Star Trek has a few stories along this line. There is the The original series (TOS) story that was paralleling the Vietnam war with Kirk standing in for America and the Klingons were the Soviet Union and both were arming different sides in a civil war. This is especially useful in situations where the higher beings and the evil beings are powerful enough to wipe each other out in open conflict and was one of the ways the US and USSR could go to war with each other during the cold war without the nukes flying. Arm the guys who want to kill the guys the advasary is arming (not the enemy... in the US military at least, the true enemy is the Navy.). The "Prime Directive" episodes also dealt with Federation law which prohibited the heroes from with directly interfering with a species that had not yet developed Warp Drives (reasoning that the species that does would have to deal with aliens anyway, and offering species stuff they hadn't earned would pollute their own culture) OR taking a side in a developed nations internal politics. The Next Generation era (TNG, and includes Deep Space Nine (DS9) and Voyager (Voy)) were alot more strict about this rule than Kirk era was, which allowed conflicts with what happened if the primitive race was polluted. Look for a list of episodes that have this as a direct conflict (TNG's First Contact is a personal favorite and flips perspective of the "Alien Infiltrator" stories in fiction.).
Alternatively, higher beings do not have the resources to help the villagers... they are only there because evil is there and once evil leaves, they have no stake in the reconstruction. Since the logistics (supplies and shipping them) are often neglected in fiction, this would provide some realism and isn't a political parallel.
Alternatively, the higher beings are consumed by their will to fight the evil race that they are obsessed. Helping the villagers would slow down the defeat of evil... perhaps even allow them to regroup and strengthen. Whether the threat of that is real enough to justify this is perfectly fluid. Lack of a real threat means more obsession. Actual threat means that the highers do have a point.
A treaty between the evil and highers that puts directly helping the primitives in anyway beyond assisting in battle. Of course, like all good treaties, cheating will happen (don't believe me, look at the Washington Naval treaty, which governs classifications and limits Naval power among modern countries (it's post WWI, so it's old, but Naval warfare changes very little). Then look at all the fun ways the countries cheat.

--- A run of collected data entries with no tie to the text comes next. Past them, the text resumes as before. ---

Section DynamicRegret.
Variables (R : realType) (d : nat) (Om : set 'rV[R]_d) (G : R) (T : nat).
Variables (f : nat -> 'rV[R]_d -> R) (w u : nat -> 'rV[R]_d).
Hypothesis f_lipschitz : forall t, (1 <= t <= T)%N -> oco_lipschitz Om G (f t).
Hypothesis u_in : forall t, (1 <= t <= T)%N -> Om (u t).

Lemma comparator_drift_le t a b c : (1 <= a)%N -> (a <= b <= c)%N ->
  (c <= T)%N -> (1 <= t <= T)%N ->
  f t (u a) - f t (u b) <= G * path_len u a c.
Proof.
move=> a1 abc cT tT.
apply: le_trans (subr_le_sum_dist (fun j => f t (u j)) abc) _.
rewrite /path_len mulr_sumr; apply: ler_sum_nat => j /andP[aj jc].
by apply: f_lipschitz => //; apply: u_in; lia.
Qed.

Lemma block_regret_le a b : (1 <= a < b)%N -> (b <= T.+1)%N ->
  ((\sum_(a <= t < b) (f t (w t) - f t (u t)))%:E <=
   SAReg Om f w T (b - a) + (G * (b - a)%:R * path_len u a b.-1)%:E)%E.
Proof.
move=> /andP[a1 ab] bT.
have drift : \sum_(a <= t < b) (f t (u a) - f t (u t))
             <= G * (b - a)%:R * path_len u a b.-1.
  rewrite mulrAC mulr_natr -sumr_const_nat.
  by apply: ler_sum_nat => t /andP[ta tb]; apply: comparator_drift_le; lia.
have -> : \sum_(a <= t < b) (f t (w t) - f t (u t)) =
    \sum_(a <= t < b) (f t (w t) - f t (u a))
    + \sum_(a <= t < b) (f t (u a) - f t (u t)).
  by rewrite -big_split; apply: eq_bigr => t _ /=; rewrite addrA subrK.
rewrite EFinD leeD // ?lee_fin //.
by apply: static_regret_le_SAReg; [lia | lia | apply: u_in; lia].
Qed.

Lemma dynamic_regret_le_partition k s : interval_partition T k s ->
  ((dyn_regret f w u T)%:E <=
   \sum_(i < k) (SAReg Om f w T (s i.+1 - s i)
                 + (G * (s i.+1 - s i)%:R * path_len u (s i) (s i.+1).-1)%:E))%E.
Proof.
move=> [s0 [sk sinc]].
have cut_in i : (i < k)%N -> (1 <= s i)%N /\ (s i.+1 <= T.+1)%N.
  move=> ik; rewrite -s0 -sk !(leq_cuts (fun j jk => ltnW (sinc j jk))) //.
    by rewrite ik leqnn.
  by rewrite leq0n (ltnW ik).
rewrite /dyn_regret -sumrB -[in X in X%:E]s0 -sk.
rewrite (big_nat_cuts _ (fun j jk => ltnW (sinc j jk))) -sumEFin.
apply: lee_sum => i _; have [si1 siT] := cut_in i (ltn_ord i).
by apply: block_regret_le; rewrite ?si1 ?sinc.
Qed.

Most of it is illegal but Nation A won't call foul on Nation B because Nation A is just as guilty of creative interpretation. Alot of it is insestent terms i.e. the United States only operates 11 Aircraft Carriers. Those 20 other ships that launch and recover aircraft that just so happen to look like Aircraft Carriers the rest of the world uses? Those are Amphibious Assault ships, not Aircraft Carriers.). Can be further complicated if the Evil race is blatantly cheating but the higher race is moral enough to still play by the rules.

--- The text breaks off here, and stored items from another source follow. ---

Lemma trans_Match h (r : node -> R) : r Lose = 0 ->
  \sum_s' trans tau sg h Match s' * r s' =
  r Win * \sum_b sg h Match b * win_prob tau h b.
Proof.
move=> r_Lose; rewrite trans_expectation.
transitivity (\sum_(f : {ffun bool -> bool}) \sum_b
    r Win * (sg h Match b * ((\prod_i tau i h Match (f i)) * (team_wins f b)%:R))).
  apply: eq_bigr => f _; apply: eq_bigr => b _; rewrite /= sum_dirac /profile_weight.
  by case: (team_wins f b); rewrite ?r_Lose /=; ring.
rewrite exchange_big big_distrr /=; apply: eq_bigr => b _.
by rewrite -!big_distrr /= /team_wins (sum_prod_all_eq (fun i x => tau i h Match x)).
Qed.

End MatchingProfile.

Definition detour_cstrat : cstrat match_game := fun _ h _ => dirac R (Detour \in h).

Lemma detour_cstrat_valid : valid_cstrat detour_cstrat.
Proof. by move=> i h s; split=> [|a]; [exact: dirac_dist | rewrite inE]. Qed.

Lemma reach_prob_detour_ge sg :
  valid_strat (@av_opp R match_game) sg -> memoryless sg ->
  1/2 <= reach_prob detour_cstrat sg.
Proof.
move=> sg_valid sg_mless; have tau_valid := detour_cstrat_valid.
apply: le_trans (reach_within_le_reach_prob match_game_wf tau_valid sg_valid 3).
rewrite reach_within_step ?inE // trans_Start //.
rewrite !reach_within_step ?inE // trans_Detour // reach_within_step ?inE //.
rewrite !trans_Match ?reach_within_Lose // !reach_within_Win !mul1r.
rewrite (sg_mless _ [::]) (sg_mless (rcons [::] Start) [::]) /win_prob !big_bool /= !ffunE /=.
have [[_ sg_sum1] _] := sg_valid [::] Match; rewrite big_bool /= in sg_sum1.
lra.
Qed.

Definition const_strat (b : bool) : strat match_game := fun _ _ => dirac R b.

Lemma const_strat_valid b : valid_strat (@av_opp R match_game) (const_strat b).
Proof. by move=> h s; split=> [|a]; [exact: dirac_dist | rewrite inE]. Qed.

Lemma reach_prob_const_strat_le tau b :
  valid_cstrat tau -> memoryless_c tau ->
  reach_prob tau (const_strat b) <= win_prob tau [::] b.
Proof.
move=> tau_valid tau_mless; have b_valid := const_strat_valid b.
set w := win_prob tau [::] b.
have w_ge0 : 0 <= w by apply: prodr_ge0 => i _; case: (tau_valid i [::] Match) => [[->]].
pose V s := match s with Win => 1 | Lose => 0 | _ => w end.
apply: reach_prob_le => n.
apply: (reach_within_le_superharmonic match_game_wf tau_valid b_valid (V := V)).
- by move=> s; rewrite /= inE => /eqP ->.
- by case.
move=> h [] s_out.
- by rewrite trans_Start //=; lra.
- by rewrite trans_Detour.
- rewrite trans_Match //= mul1r sum_dirac.
  suff -> : win_prob tau h b = w by [].
  by rewrite /w /win_prob; under eq_bigr do rewrite (tau_mless _ h [::]).
- by rewrite /= inE eqxx in s_out.
- by rewrite trans_Lose.
Qed.

End MatchingGame.

Theorem theorem2 (R : realType) :
  exists (g : game R) (tau : cstrat g),
    [/\ wf_game g, valid_cstrat tau &
        inf_mless_opp tau > sup_mless_team g].
Proof.
have wf := match_game_wf R.
exists (match_game R), (@detour_cstrat R); split=> //; first exact: detour_cstrat_valid.
apply: (@le_lt_trans _ _ (1/4)).
  apply: sup_mless_team_le => // tau tau_valid tau_mless.
  have [b win_le] := exists_win_prob_le_quarter [::] tau_valid.
  apply: le_trans (inf_mless_opp_le wf tau_valid (const_strat_valid b) _) _ => //.
  exact: le_trans (reach_prob_const_strat_le b tau_valid tau_mless) win_le.
apply: (@lt_le_trans _ _ (1/2)); first lra.
by apply: inf_mless_opp_ge => // sg; apply: reach_prob_detour_ge.
Qed.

A neutral third party (NTP) that is just as, if not more, powerful than the highers and the evils decreed no helping the villagers. Said NTP should be a sleeping giant and either due to the ongoing war or just naturally so, they are more powerful than the Highers and Evils. As much as the two powers hate each other, NTP entering would be bad news so they comply.
The Villagers are non-particularly loyal to the Higher Beings... this would mirror recent American intervention in Syria which boiled down to a fight between a regime most voters did not carefor verses a rebellion group that was infiltrated by Al Quada (sp) by the time the US government decided to try and get involved. No one was thrilled with the prospect that arming rebels would result in arming an organization that wants to kill Americans as part of it's major mission statement. More historically, America was none to thrilled to enter both world wars because that was Europes Problem, not ours... even after Pearl Harbor, Americans were content to prosecte only the Pacific theater... it was Hitler declaring war on the United States that triggered the European Theater participation. Either way, the attitude boils down to "why are we sending our troops to die for their problems" as a popular political element in the Higher Powers.

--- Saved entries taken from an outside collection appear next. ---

(* There is a constant $c$ such that for all binary strings $x,y$, $\mathrm{KP}(x\mid y)\le \min\{\mathrm{KP}(q) : [q](y)=x\}+c$. However, the difference $\min\{\mathrm{KP}(q) : [q](y)=x\}-\mathrm{KP}(x\mid y)$ is unbounded (over all pairs $x,y$).
   Context: A computable partial function $U(p,x)$ is prefix-free (in $p$) if for every $x$ the set of $p$ with $U(p,x)$ defined contains no string together with a proper prefix of it. $\mathrm{KP}(y\mid x)=\min\{|p|: U(p,x)=y\}$ for a prefix-free $U$ that is optimal (minimal up to an additive constant among prefix-free computable partial functions); the unconditional prefix complexity $\mathrm{KP}(q)$ is defined analogously with machines without a second argument. $[q](x)$ denotes the output of program $q$ on input $x$ in a fixed programming language (a computable numbering of all computable partial functions of one string argument with the $s$-$m$-$n$/Gödel property, i.e. programs in any other such language can be computably translated into it). *)

From mathcomp Require Import all_boot.
From Stdlib Require Import ClassicalEpsilon.
Set Implicit Arguments. Unset Strict Implicit. Unset Printing Implicit Defensive.

(* Model of computation: register (Minsky) machines on nat.            *)
Inductive instr := INC of nat | DEC of nat & nat.

Definition regs := nat -> nat.
Definition upd (s : regs) (r v : nat) : regs := fun i => if i == r then v else s i.

Fixpoint run (P : seq instr) (fuel pc : nat) (s : regs) : option nat :=
  match fuel with
  | 0 => None
  | k.+1 =>
    if size P <= pc then Some (s 0)
    else match nth (INC 0) P pc with
         | INC r => run P k pc.+1 (upd s r (s r).+1)
         | DEC r j => if s r == 0 then run P k j s
                      else run P k pc.+1 (upd s r (s r).-1)
         end
  end.

Definition init (n : nat) : regs := fun i => if i == 0 then n else 0.

Definition halts_with (P : seq instr) (n m : nat) : Prop :=
  exists fuel, run P fuel 0 (init n) = Some m.

(* bijective encoding of binary strings by naturals *)
Fixpoint enc (s : seq bool) : nat :=
  match s with
  | [::] => 0
  | b :: s' => (enc s').*2 + (if b then 2 else 1)
  end.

Again, this also depends on which side in the conflict is your POV character. If this is about the Higher Power, than a "Prime Directive" is something you want to go with. The Highers treat it as near sacred doctrine and it's hyped as a sign of their enlightenment, but it's flawed in that it inheritly puts value on lesser beings.
If the Villagers are POV, you want to hype that the Highers are nice to have on your side, but are jerks.
All this said, I like the idea that this conflict has some politics to it. It's easy to say one is the purely pure good and one is the dastardly evil... it's a lot more complicated to say that the good guys and the bad guys are not black in white. One of my favorite series as a kid (animorphs) had this as a rule. The evil empire was governed by a democratic elected body and the head of the government's only true power was to cast tie breaking votes (if there was no tie, he didn't get to vote) and was never publicized for the dual purpose of security and power limitation purposes (it's hard to have a cult of personality for a leader when he or she is unnamed.). Meanwhile the good governmnet was controled by a xenophobic military command that at least twice enacted genocide policies to try and deprive the evil empire of resources and had a very censored media because they did not want their own people to find out about some of their war crimes (we learn pretty late that civvies in their society were much nicer people... but our heroes had the misfortune of dealing with the military more than the civvilians).